In the entries below, find the lines that contain the word "summary" and copy them.

(Collected data entries)
------

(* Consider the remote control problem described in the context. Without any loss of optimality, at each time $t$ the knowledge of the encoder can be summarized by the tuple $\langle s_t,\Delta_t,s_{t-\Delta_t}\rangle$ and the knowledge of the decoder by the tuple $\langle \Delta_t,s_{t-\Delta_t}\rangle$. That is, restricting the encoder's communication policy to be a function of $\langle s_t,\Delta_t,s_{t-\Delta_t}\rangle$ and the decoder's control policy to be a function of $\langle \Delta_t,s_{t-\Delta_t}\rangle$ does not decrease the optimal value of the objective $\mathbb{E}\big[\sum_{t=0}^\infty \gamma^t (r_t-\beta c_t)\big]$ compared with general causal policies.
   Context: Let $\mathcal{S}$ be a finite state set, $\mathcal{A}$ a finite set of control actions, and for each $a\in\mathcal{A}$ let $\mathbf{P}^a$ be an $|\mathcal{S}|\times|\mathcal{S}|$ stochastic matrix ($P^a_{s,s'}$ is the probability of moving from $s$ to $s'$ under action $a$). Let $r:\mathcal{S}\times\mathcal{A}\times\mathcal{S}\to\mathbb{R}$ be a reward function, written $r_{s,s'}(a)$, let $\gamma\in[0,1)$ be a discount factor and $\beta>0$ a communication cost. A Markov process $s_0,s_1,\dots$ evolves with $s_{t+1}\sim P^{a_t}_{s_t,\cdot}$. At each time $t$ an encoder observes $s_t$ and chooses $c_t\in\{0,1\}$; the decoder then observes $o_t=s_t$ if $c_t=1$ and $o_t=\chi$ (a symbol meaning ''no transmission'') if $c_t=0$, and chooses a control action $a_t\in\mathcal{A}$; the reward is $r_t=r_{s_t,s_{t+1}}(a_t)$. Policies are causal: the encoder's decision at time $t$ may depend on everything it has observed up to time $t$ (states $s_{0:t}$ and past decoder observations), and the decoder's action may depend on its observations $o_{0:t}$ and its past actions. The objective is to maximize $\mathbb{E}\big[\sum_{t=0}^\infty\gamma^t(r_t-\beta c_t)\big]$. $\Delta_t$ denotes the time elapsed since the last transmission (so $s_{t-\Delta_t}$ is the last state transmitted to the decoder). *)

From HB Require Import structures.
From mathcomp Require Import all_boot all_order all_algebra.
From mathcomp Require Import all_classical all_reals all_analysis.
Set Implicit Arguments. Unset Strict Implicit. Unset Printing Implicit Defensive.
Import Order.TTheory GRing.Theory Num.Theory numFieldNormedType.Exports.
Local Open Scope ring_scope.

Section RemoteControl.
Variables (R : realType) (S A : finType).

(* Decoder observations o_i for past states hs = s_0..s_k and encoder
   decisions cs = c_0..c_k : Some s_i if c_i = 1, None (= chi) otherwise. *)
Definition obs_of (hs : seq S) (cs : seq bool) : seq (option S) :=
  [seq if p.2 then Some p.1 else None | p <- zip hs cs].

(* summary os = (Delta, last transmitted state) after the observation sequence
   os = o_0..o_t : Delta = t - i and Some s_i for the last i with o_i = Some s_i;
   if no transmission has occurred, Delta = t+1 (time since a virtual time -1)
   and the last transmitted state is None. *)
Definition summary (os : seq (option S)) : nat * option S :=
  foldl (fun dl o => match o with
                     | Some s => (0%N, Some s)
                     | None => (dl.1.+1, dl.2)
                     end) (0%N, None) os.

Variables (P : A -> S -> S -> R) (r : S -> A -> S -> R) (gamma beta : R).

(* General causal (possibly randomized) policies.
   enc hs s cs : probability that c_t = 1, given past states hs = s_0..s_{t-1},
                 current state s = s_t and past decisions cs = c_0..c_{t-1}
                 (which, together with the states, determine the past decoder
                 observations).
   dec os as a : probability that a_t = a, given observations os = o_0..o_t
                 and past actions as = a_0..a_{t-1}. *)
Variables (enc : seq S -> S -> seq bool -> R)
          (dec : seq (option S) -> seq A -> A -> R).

------

**EXERCISE RESULT**.
(* summary os = (Delta, last transmitted state) after the observation sequence
Definition summary (os : seq (option S)) : nat * option S :=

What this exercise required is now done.